¿Piedras?
– Qué extraño -musitó, acercándose, aun sabiendo que eso era una tremenda intrusión.
– Cada una tiene su significado para mí -dijo una voz ronca detrás de ella-. Las he coleccionado desde… -se interrumpió para toser-, desde que era niño.
Sophie sintió subir el rubor hasta la raíz de los cabellos, al verse así sorprendida fisgoneando descaradamente, pero seguía picada su curiosidad, de modo que sacó una. Era una piedra de color rosado con una accidentada vena gris que la atravesaba por el medio.
– ¿Y ésta?
– Ésa la recogí en una excursión -explicó con voz tierna-. Dio la casualidad de que ese día murió mi padre.

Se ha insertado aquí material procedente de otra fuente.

(* Assume $H_0$ satisfies TQO-2. Let $A\in\mathcal{S}(r)$ be any square with $r\le L^*$ and let $O_A$ be any operator acting on $A$ such that $O_AP=0$. Let $B\in\mathcal{S}(r+2)$ be the square that contains $A$ and all nearest neighbors of $A$. Then $O_AP_B=0$.
   Context: Let $\Lambda=\mathbb{Z}_L\times\mathbb{Z}_L$ (periodic boundary conditions), each site $u$ carrying a finite-dimensional Hilbert space $\mathcal{H}_u$, $\mathcal{H}=\bigotimes_u\mathcal{H}_u$. For $r\ge1$, $\mathcal{S}(r)$ is the set of all $r\times r$ square blocks of sites. An operator acts on $A$ if it is the identity outside $A$. $H_0=\sum_{A\in\mathcal{S}(2)}G_A$ with each $G_A$ acting on $A$, the $G_A$ pairwise commuting, $G_A\ge0$, $G_A^2\ge G_A$, and frustration-free: the ground subspace $P=\{\psi:G_A\psi=0\ \forall A\in\mathcal{S}(2)\}$ is nonzero; $P$ also denotes its orthogonal projector. $P_A$ is the projector onto the kernel of $G_A$, and for a square $B$, $P_B=\prod_{A\in\mathcal{S}(2),A\subseteq B}P_A$. There is a constant $c>0$ and an integer $L^*\ge cL$. TQO-2: for every square $A\in\mathcal{S}(r)$, $r\le L^*$, with $B\in\mathcal{S}(r+2)$ the square containing $A$ and all its nearest neighbors, the operators $\mathrm{Tr}_{\Lambda\setminus A}(P)$ and $\mathrm{Tr}_{\Lambda\setminus A}(P_B)$ have the same kernel. *)

From HB Require Import structures.
From mathcomp Require Import all_boot all_order all_algebra.
Set Implicit Arguments.
Unset Strict Implicit.
Unset Printing Implicit Defensive.
Import Order.TTheory GRing.Theory Num.Theory.
Local Open Scope ring_scope.

Definition site (L : nat) : finType := ('I_L * 'I_L)%type.

Definition block (L : nat) (a1 a2 r : nat) : {set site L} :=
  [set u : site L | [exists i : 'I_r, exists j : 'I_r,
      (nat_of_ord u.1 == (a1 + i) %% L)%N && (nat_of_ord u.2 == (a2 + j) %% L)%N]].

Definition squares (L r : nat) : {set {set site L}} :=
  [set block L (nat_of_ord a.1) (nat_of_ord a.2) r | a : site L].

(* the (r+2) x (r+2) square containing block a r and all its nearest
   neighbours: corner shifted by -1 (mod L) *)
Definition nbhd_block (L : nat) (a1 a2 r : nat) : {set site L} :=
  block L (a1 + L - 1) (a2 + L - 1) r.+2.

Section Ops.
Variables (C : numClosedFieldType) (L : nat) (d : site L -> nat).

(* product basis of H = (x)_u H_u, dim H_u = d u *)
Definition cfg : finType := {dffun forall u : site L, 'I_(d u)}.

(* product basis of (x)_{u in A} H_u *)
Definition cfgOn (A : {set site L}) : finType :=
  {dffun forall u : {u : site L | u \in A}, 'I_(d (sval u))}.

Definition restrict (A : {set site L}) (x : cfg) : cfgOn A :=
  finfun (fun u : {u : site L | u \in A} => x (sval u)).

Definition agree_out (A : {set site L}) (x y : cfg) : bool :=
  [forall u : site L, (u \notin A) ==> (x u == y u)].

(* operators on H, resp. on (x)_{u in A} H_u, as matrices in the product basis *)
Definition opH := 'M[C]_(#|{: cfg}|).
Definition opA (A : {set site L}) := 'M[C]_(#|{: cfgOn A}|).
Definition vecH := 'cV[C]_(#|{: cfg}|).

Definition ent (M : opH) (x y : cfg) : C := M (enum_rank x) (enum_rank y).
Definition entA (A : {set site L}) (M : opA A) (a b : cfgOn A) : C :=
  M (enum_rank a) (enum_rank b).

(* O acts on A: O = o (x) Id_{Lambda \ A} for some operator o on A *)
Definition acts_on (A : {set site L}) (O : opH) : Prop :=
  exists o : opA A, forall x y : cfg,
    ent O x y = if agree_out A x y then entA o (restrict A x) (restrict A y)
                else 0.

(* partial trace Tr_{Lambda \ A} *)
Definition ptrace (A : {set site L}) (M : opH) : opA A :=
  \matrix_(i, j) \sum_(x : cfg | restrict A x == enum_val i)
                   \sum_(y : cfg | (restrict A y == enum_val j) && agree_out A x y)
                      ent M x y.

End Ops.

Definition adj (C : numClosedFieldType) (m n : nat) (M : 'M[C]_(m, n)) : 'M[C]_(n, m) :=
  (map_mx Num.conj M)^T.

Definition psd (C : numClosedFieldType) (n : nat) (M : 'M[C]_n) : Prop :=
  forall v : 'cV[C]_n, 0 <= (adj v *m M *m v) ord0 ord0.

Definition orth_proj_onto (C : numClosedFieldType) (n : nat) (Q : 'M[C]_n)
    (S : 'cV[C]_n -> Prop) : Prop :=
  [/\ Q *m Q = Q, adj Q = Q & forall v : 'cV[C]_n, Q *m v = v <-> S v].

Definition same_kernel (C : numClosedFieldType) (n : nat) (X Y : 'M[C]_n) : Prop :=
  forall v : 'cV[C]_n, X *m v = 0 <-> Y *m v = 0.

(* P_B = product of P_A over A in S(2), A subset of B (the P_A commute) *)
Definition PB (C : numClosedFieldType) (L : nat) (d : site L -> nat)
    (PA : {set site L} -> opH C d) (B : {set site L}) : opH C d :=
  \big[@mulmx C _ _ _ / 1%:M]_(A in squares L 2 | A \subset B) PA A.

(* Standing assumptions on H_0 = sum_{A in S(2)} G_A, with P the ground-space
   projector and PA A the projector onto ker G_A. *)
Definition standing_assumptions (C : numClosedFieldType) (L : nat)
    (d : site L -> nat) (G PA : {set site L} -> opH C d) (P : opH C d) : Prop :=
  (forall A, A \in squares L 2 -> acts_on A (G A)) /\
  (forall A A', A \in squares L 2 -> A' \in squares L 2 ->
                G A *m G A' = G A' *m G A) /\
  (forall A, A \in squares L 2 -> psd (G A)) /\
  (forall A, A \in squares L 2 -> psd (G A *m G A - G A)) /\
  (forall A, A \in squares L 2 ->
             orth_proj_onto (PA A) (fun v => G A *m v = 0)) /\
  orth_proj_onto P (fun v => forall A, A \in squares L 2 -> G A *m v = 0) /\
  P != 0.

Definition TQO2 (C : numClosedFieldType) (L : nat) (d : site L -> nat)
    (PA : {set site L} -> opH C d) (P : opH C d) (Lstar : nat) : Prop :=
  forall (r : nat) (a : site L), (1 <= r <= Lstar)%N ->
    same_kernel (ptrace (block L a.1 a.2 r) P)
                (ptrace (block L a.1 a.2 r) (PB PA (nbhd_block L a.1 a.2 r))).

(* Write [rho] and [sigma] for the reductions of [P] and [P_B] to [A], and [o]
   for the operator on [A] with [O = o (x) Id].  From [O P = 0] one gets
   [o rho = 0], i.e. [rho o^* = 0] by self-adjointness; since [rho] and [sigma]
   have the same kernel, also [sigma o^* = 0].  As [P_B] is an orthogonal
   projector (the commuting [G_A] have commuting kernel projectors), the
   reduction of [(O P_B) (O P_B)^* = O P_B O^*] is [o sigma o^* = 0], and a
   partial trace of [X X^*] vanishes only if [X = 0]. *)

From HB Require Import structures.
From mathcomp Require Import all_boot all_order all_algebra.
From mathcomp Require Import ring.
Import Order.TTheory GRing.Theory Num.Theory.
Local Open Scope ring_scope.
Set Implicit Arguments.
Unset Strict Implicit.
Section condexp_residual.
Context {d} {T : measurableType d} {R : realType} (P : probability T R).
Context {A : set T} (mA : measurable A) {Y Yh : T -> R} {h : R -> R}.
Hypotheses (mY : measurable_fun setT Y) (mYh : measurable_fun setT Yh).
Hypotheses (Y01 : forall w, 0 <= Y w <= 1) (h01 : forall t, 0 <= h t <= 1).
Hypotheses (hY : is_condexp P A Y Yh h) (PA : (0 < P A)%E).

Lemma condE_condexp_residual_mul (psi : R -> R) : measurable_fun setT psi ->
  (forall w, 0 <= psi (Yh w) <= 1) ->
  condE P A (fun w => (Y w - h (Yh w)) * psi (Yh w)) = 0.
Proof.
move=> mpsi psi01; have [mh [_ hB]] := hY.
have mhYh := measurableT_comp mh mYh.
have res1 w : `|Y w - h (Yh w)| <= 1.
  by rewrite ler_norml; have := Y01 w; have := h01 (Yh w); lra.
suff E0 : \int[P]_(w in A) ((Y w - h (Yh w)) * psi (Yh w)) = 0.
  by rewrite condEE E0 mul0r.
apply: (Rintegral_mul_comp_eq0 P mA (measurable_funB mY mhYh) res1 mYh _ mpsi psi01).
move=> B mB; have mAB : measurable (A `&` Yh @^-1` B).
  by apply: measurableI => //; rewrite -[_ @^-1` _]setTI; exact: mYh.
rewrite RintegralB // ?bounded_measurable_integrable //.
- by rewrite /Rintegral hB // subrr.
- exact: bounded_measurable01.
- by apply: bounded_measurable01 mhYh _ => w; exact: h01.
Qed.

Lemma condE_condexp_residual : condE P A (fun w => Y w - h (Yh w)) = 0.
Proof.
rewrite -(@condE_condexp_residual_mul (fun=> 1)) => [||w]; last by rewrite lexx ler01.
- by congr condE; apply/funext => w; rewrite mulr1.
- exact: measurable_cst.
Qed.

Lemma condCov_condexp_residual (psi : R -> R) : measurable_fun setT psi ->
  (forall w, 0 <= psi (Yh w) <= 1) ->
  condCov P A (fun w => Y w - h (Yh w)) (fun w => psi (Yh w)) = 0.
Proof.
move=> mpsi psi01.
by rewrite /condCov condE_condexp_residual_mul // condE_condexp_residual mul0r subrr.
Qed.

Lemma condE_condexp_sqrB_le : (forall w, 0 <= Yh w <= 1) ->
  condE P A (fun w => (Y w - h (Yh w)) ^+ 2) + 4 * condCov P A Y Yh ^+ 2 <=
  condCov P A Y Y.
Proof.
move=> Yh01; have [mh _] := hY.
have bY := bounded_measurable01 mY Y01.
have bh := bounded_measurable01 (measurableT_comp mh mYh) (fun w => h01 (Yh w)).
have cov_hYh : condCov P A (fun w => h (Yh w)) Yh = condCov P A Y Yh.
  have := condCov_condexp_residual id (@measurable_id _ _ setT) Yh01.
  by rewrite condCovBl //; [lra | exact: bounded_measurable01].
have var_h : 4 * condCov P A Y Yh ^+ 2 <=
    condCov P A (fun w => h (Yh w)) (fun w => h (Yh w)).
  by rewrite -cov_hYh; exact: condCov_sqr_le.
rewrite condE_sqrB_orth //; first lra.
  exact: condE_condexp_residual.
exact: condCov_condexp_residual (fun w => h01 (Yh w)).
Qed.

– ¡Oh! Lo siento -dijo ella dejando caer la piedra sobre las demás, como si la hubiera quemado.
– Hace mucho tiempo.
– De todos modos lo siento.
– Yo también -dijo él, sonriendo tristemente.
Y entonces le vino un acceso de tos tan fuerte que tuvo que apoyarse en la pared.
– Tiene que calentarse -dijo ella-. Deje que encienda el fuego.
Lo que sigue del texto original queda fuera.